- **EXERCISE**
After locating the line that contains "(2 <= q)%N -> (1 <= k)%N", restate it and each later line word for word through the end of the records.
BEGIN GIVEN INFORMATION
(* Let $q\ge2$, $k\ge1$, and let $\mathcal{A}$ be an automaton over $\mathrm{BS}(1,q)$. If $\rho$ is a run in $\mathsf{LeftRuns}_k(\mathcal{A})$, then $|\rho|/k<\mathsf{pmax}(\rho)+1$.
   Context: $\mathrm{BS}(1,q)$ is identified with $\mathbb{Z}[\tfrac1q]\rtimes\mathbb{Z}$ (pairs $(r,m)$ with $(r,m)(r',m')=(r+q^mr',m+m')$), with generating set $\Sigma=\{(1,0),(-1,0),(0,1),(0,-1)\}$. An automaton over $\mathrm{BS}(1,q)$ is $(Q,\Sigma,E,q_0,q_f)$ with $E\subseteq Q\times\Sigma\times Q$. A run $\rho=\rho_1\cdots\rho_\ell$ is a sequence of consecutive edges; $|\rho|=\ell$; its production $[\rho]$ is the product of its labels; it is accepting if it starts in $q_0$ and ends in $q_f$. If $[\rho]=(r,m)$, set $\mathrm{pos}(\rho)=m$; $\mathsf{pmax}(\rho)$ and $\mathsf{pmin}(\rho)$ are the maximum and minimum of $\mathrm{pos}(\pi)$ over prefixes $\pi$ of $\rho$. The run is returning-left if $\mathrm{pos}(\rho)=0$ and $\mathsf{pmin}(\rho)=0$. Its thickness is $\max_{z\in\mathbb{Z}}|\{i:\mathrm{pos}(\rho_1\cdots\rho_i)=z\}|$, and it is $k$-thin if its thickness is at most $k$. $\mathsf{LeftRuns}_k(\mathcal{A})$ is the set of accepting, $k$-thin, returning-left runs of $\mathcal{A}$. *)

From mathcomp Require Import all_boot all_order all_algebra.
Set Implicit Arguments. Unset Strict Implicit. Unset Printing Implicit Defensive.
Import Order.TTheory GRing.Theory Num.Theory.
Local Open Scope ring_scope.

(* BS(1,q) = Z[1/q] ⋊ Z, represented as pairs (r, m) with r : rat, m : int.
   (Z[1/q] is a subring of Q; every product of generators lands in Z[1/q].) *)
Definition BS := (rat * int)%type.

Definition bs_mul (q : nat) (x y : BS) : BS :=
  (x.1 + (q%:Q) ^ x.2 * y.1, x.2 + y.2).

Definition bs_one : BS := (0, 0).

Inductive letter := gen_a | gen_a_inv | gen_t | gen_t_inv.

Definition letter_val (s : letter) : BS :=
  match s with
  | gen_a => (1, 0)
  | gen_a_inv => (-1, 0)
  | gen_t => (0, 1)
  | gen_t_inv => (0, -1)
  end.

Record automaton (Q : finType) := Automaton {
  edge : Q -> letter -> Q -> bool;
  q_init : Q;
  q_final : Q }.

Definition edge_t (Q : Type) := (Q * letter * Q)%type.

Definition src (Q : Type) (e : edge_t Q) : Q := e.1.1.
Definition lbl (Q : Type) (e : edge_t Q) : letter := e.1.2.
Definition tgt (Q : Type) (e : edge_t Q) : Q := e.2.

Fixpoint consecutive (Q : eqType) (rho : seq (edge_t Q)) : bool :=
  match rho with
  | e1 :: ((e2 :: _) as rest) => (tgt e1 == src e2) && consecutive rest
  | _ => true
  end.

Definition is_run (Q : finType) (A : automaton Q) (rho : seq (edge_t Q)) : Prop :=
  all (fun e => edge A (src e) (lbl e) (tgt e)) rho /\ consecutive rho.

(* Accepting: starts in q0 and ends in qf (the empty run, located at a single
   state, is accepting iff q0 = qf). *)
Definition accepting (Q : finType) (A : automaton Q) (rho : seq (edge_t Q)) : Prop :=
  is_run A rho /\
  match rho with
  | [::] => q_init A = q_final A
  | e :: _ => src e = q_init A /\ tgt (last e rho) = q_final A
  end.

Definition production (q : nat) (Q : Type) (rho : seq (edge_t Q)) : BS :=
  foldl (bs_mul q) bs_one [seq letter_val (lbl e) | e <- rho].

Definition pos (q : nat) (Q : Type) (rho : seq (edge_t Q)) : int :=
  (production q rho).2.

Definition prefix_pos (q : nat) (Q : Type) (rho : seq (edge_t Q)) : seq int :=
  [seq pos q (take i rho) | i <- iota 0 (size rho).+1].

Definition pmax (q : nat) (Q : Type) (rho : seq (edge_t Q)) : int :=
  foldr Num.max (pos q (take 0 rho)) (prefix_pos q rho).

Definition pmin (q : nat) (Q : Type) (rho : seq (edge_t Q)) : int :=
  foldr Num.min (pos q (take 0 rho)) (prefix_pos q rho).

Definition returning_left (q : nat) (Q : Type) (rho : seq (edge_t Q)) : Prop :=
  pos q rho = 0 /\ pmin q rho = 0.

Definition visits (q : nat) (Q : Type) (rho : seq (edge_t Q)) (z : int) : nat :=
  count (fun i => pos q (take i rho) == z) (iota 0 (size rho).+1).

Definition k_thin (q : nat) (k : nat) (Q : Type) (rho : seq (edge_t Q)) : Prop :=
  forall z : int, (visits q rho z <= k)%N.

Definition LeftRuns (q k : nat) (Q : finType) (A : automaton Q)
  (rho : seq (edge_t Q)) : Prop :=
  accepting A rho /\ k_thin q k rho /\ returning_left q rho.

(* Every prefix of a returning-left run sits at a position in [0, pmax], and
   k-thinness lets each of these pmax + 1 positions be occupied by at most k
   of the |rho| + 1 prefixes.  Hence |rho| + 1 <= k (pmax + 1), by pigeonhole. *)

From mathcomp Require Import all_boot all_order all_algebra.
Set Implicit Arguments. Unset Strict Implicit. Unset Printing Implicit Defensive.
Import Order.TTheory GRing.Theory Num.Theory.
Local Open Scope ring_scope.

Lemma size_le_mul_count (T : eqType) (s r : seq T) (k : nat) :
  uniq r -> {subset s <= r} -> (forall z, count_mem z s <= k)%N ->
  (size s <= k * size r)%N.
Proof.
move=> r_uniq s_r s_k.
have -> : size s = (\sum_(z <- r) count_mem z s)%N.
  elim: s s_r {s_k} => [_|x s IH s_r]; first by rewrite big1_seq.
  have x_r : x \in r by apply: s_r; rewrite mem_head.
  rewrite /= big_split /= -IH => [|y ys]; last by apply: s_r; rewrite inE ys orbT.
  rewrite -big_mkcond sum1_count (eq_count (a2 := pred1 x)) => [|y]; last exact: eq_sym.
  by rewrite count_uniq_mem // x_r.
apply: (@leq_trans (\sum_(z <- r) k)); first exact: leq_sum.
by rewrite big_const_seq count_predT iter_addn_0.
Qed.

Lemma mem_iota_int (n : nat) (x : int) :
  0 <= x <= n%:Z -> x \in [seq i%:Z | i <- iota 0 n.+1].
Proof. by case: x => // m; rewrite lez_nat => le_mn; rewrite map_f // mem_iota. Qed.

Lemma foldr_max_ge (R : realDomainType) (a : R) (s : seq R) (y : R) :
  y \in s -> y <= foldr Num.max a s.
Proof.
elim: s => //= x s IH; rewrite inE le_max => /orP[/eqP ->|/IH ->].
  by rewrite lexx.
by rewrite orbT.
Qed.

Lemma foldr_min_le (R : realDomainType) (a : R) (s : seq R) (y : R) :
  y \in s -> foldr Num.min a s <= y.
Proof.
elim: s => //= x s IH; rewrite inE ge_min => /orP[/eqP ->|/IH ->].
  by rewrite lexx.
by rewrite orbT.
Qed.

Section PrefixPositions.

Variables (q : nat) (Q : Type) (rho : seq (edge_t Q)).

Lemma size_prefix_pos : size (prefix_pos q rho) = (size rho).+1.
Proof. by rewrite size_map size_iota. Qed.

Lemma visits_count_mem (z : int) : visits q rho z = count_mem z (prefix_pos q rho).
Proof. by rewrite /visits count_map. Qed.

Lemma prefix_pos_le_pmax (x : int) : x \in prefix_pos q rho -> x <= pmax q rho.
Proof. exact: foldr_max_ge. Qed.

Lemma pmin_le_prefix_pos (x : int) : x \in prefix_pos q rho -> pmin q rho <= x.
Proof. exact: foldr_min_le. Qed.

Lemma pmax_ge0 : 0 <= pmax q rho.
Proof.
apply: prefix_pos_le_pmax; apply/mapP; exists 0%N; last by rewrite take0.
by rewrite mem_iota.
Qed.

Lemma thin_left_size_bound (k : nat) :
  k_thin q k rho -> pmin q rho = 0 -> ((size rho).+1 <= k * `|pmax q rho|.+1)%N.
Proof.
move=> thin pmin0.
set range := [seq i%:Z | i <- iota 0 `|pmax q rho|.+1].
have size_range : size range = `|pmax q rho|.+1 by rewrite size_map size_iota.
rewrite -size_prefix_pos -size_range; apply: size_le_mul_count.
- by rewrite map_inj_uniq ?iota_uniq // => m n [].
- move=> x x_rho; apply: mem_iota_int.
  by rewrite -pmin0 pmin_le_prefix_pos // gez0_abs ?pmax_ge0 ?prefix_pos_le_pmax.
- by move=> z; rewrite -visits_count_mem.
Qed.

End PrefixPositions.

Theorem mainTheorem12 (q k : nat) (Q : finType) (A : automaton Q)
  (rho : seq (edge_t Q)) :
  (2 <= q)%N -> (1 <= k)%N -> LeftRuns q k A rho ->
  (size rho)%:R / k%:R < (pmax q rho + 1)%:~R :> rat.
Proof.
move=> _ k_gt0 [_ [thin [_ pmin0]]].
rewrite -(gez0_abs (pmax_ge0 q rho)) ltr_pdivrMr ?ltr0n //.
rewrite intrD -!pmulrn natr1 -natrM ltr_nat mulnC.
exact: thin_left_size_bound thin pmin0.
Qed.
END GIVEN INFORMATION
- **RESULT OF THE EXERCISE**
  (2 <= q)%N -> (1 <= k)%N -> LeftRuns q k A rho ->
  (size rho)%:R / k%:R < (pmax q rho + 1)%:~R :> rat.
Proof.
move=> _ k_gt0 [_ [thin [_ pmin0]]].
rewrite -(gez0_abs (pmax_ge0 q rho)) ltr_pdivrMr ?ltr0n //.
rewrite intrD -!pmulrn natr1 -natrM ltr_nat mulnC.
exact: thin_left_size_bound thin pmin0.
Qed.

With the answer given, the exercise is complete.